Dataset extract →
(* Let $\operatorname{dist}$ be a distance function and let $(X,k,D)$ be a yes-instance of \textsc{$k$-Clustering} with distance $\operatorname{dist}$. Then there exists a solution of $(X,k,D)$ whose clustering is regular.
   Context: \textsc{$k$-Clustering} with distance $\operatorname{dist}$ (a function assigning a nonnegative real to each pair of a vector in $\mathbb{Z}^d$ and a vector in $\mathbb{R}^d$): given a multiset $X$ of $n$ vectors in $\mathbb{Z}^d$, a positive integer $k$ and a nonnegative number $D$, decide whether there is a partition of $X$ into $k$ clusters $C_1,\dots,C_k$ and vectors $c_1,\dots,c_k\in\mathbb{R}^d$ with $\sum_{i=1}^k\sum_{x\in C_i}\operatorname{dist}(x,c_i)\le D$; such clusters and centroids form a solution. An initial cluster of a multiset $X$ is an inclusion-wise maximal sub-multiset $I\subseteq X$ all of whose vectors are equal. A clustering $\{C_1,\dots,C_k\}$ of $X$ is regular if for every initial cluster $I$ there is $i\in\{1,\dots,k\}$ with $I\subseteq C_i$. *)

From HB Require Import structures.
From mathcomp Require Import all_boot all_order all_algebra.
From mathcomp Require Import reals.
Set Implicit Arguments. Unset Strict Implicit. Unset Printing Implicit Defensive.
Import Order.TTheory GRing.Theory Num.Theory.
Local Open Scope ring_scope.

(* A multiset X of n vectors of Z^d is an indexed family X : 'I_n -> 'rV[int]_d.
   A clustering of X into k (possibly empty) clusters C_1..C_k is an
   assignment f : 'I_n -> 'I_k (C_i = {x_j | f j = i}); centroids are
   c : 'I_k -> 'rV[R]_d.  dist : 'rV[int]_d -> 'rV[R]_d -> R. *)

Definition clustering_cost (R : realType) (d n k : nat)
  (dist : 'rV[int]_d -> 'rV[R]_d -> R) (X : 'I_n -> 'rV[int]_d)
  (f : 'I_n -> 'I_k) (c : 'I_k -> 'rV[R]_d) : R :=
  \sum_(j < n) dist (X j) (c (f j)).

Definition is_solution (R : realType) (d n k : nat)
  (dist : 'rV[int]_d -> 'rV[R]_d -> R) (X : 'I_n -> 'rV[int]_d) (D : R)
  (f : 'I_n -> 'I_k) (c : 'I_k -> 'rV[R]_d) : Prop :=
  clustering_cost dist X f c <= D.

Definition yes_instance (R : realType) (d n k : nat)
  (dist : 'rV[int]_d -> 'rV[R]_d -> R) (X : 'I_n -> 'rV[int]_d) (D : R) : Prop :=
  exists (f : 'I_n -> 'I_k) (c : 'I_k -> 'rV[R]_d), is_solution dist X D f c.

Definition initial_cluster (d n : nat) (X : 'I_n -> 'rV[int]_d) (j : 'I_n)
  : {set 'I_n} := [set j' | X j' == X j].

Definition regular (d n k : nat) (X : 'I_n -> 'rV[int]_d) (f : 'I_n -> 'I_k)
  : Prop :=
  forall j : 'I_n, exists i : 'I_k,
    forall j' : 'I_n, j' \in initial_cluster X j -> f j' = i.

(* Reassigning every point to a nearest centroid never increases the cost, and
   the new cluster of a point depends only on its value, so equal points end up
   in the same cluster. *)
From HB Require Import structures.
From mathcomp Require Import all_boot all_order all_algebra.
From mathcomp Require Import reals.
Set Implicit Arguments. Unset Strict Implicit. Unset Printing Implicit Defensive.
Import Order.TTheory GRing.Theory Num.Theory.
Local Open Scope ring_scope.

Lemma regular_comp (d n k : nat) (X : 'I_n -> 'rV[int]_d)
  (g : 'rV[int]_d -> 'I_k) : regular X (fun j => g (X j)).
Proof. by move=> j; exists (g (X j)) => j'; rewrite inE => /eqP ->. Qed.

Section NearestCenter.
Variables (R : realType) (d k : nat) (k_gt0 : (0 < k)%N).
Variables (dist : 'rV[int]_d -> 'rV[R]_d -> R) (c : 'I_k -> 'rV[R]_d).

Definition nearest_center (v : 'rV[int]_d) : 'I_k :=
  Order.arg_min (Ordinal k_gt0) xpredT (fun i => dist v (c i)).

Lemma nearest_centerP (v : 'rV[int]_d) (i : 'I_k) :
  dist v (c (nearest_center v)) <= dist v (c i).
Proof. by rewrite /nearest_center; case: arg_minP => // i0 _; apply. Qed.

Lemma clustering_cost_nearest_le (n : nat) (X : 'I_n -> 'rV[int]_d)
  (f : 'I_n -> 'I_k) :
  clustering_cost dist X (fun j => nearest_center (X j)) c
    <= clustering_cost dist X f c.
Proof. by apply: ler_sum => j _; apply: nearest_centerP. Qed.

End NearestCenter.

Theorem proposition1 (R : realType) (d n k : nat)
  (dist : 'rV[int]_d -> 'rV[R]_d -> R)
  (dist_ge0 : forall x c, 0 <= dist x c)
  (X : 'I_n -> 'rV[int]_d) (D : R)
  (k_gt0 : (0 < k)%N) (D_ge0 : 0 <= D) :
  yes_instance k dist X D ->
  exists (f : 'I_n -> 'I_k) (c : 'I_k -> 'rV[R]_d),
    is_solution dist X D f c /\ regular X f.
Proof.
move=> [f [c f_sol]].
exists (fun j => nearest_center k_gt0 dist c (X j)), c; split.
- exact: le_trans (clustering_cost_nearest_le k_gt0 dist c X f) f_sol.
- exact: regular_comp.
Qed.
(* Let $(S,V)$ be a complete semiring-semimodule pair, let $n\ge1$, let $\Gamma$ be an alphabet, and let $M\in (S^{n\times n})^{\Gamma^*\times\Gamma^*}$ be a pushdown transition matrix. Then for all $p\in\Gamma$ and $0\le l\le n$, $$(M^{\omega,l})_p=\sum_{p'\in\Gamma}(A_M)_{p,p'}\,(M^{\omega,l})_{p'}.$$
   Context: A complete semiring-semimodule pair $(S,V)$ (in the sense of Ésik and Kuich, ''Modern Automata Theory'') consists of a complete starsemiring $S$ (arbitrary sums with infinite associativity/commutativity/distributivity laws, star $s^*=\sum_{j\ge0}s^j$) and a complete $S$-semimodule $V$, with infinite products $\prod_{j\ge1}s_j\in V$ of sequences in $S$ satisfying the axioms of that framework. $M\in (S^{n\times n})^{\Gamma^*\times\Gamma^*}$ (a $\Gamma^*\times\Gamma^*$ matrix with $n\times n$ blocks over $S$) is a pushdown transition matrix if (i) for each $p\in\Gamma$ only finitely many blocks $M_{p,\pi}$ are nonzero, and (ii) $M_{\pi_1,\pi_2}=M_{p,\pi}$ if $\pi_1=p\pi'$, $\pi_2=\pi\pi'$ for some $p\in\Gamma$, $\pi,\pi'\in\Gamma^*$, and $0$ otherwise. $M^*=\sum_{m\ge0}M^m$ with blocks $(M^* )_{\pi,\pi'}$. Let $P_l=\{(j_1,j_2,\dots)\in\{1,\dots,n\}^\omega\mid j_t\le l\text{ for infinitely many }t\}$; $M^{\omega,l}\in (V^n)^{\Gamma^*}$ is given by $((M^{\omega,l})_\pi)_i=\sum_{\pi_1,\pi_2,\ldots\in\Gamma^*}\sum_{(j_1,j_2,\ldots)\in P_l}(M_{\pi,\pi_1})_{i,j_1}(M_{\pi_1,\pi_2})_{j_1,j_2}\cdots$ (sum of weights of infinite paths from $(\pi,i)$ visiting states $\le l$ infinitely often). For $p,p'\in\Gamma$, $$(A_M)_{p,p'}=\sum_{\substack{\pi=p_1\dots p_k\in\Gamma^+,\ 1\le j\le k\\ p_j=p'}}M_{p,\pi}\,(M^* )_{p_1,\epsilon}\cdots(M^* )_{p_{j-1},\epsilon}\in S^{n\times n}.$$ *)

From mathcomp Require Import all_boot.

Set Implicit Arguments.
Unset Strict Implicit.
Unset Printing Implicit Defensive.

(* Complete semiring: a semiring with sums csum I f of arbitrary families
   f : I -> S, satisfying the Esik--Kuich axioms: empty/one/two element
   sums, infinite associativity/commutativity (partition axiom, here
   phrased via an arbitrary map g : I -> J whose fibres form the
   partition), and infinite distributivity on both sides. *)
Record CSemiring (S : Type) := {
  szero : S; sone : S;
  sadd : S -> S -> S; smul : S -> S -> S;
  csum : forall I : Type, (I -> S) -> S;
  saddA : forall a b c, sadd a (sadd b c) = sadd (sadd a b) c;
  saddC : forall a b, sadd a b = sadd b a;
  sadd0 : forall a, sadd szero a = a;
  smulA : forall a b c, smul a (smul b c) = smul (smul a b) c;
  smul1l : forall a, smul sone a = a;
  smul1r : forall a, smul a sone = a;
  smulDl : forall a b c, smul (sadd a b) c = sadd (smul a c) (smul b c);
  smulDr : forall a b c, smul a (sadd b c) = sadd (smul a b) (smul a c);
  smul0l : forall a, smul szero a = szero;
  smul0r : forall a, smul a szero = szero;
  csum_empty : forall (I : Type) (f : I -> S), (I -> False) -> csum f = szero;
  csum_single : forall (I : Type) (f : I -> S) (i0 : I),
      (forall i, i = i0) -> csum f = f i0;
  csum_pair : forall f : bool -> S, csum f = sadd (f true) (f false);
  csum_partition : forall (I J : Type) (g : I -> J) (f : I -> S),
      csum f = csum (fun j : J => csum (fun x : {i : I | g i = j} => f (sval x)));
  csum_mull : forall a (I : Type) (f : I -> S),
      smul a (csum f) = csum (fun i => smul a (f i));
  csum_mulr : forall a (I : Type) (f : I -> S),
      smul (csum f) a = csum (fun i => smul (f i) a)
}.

Instructions to follow → Every line above from the line with "f : I -> S, satisfying" to the line with "smul0l : forall a, smul szero a = szero;", inclusive, must be returned exactly; no other line belongs in the reply.

Solved problem →
   f : I -> S, satisfying the Esik--Kuich axioms: empty/one/two element
   sums, infinite associativity/commutativity (partition axiom, here
   phrased via an arbitrary map g : I -> J whose fibres form the
   partition), and infinite distributivity on both sides. *)
Record CSemiring (S : Type) := {
  szero : S; sone : S;
  sadd : S -> S -> S; smul : S -> S -> S;
  csum : forall I : Type, (I -> S) -> S;
  saddA : forall a b c, sadd a (sadd b c) = sadd (sadd a b) c;
  saddC : forall a b, sadd a b = sadd b a;
  sadd0 : forall a, sadd szero a = a;
  smulA : forall a b c, smul a (smul b c) = smul (smul a b) c;
  smul1l : forall a, smul sone a = a;
  smul1r : forall a, smul a sone = a;
  smulDl : forall a b c, smul (sadd a b) c = sadd (smul a c) (smul b c);
  smulDr : forall a b c, smul a (sadd b c) = sadd (smul a b) (smul a c);
  smul0l : forall a, smul szero a = szero;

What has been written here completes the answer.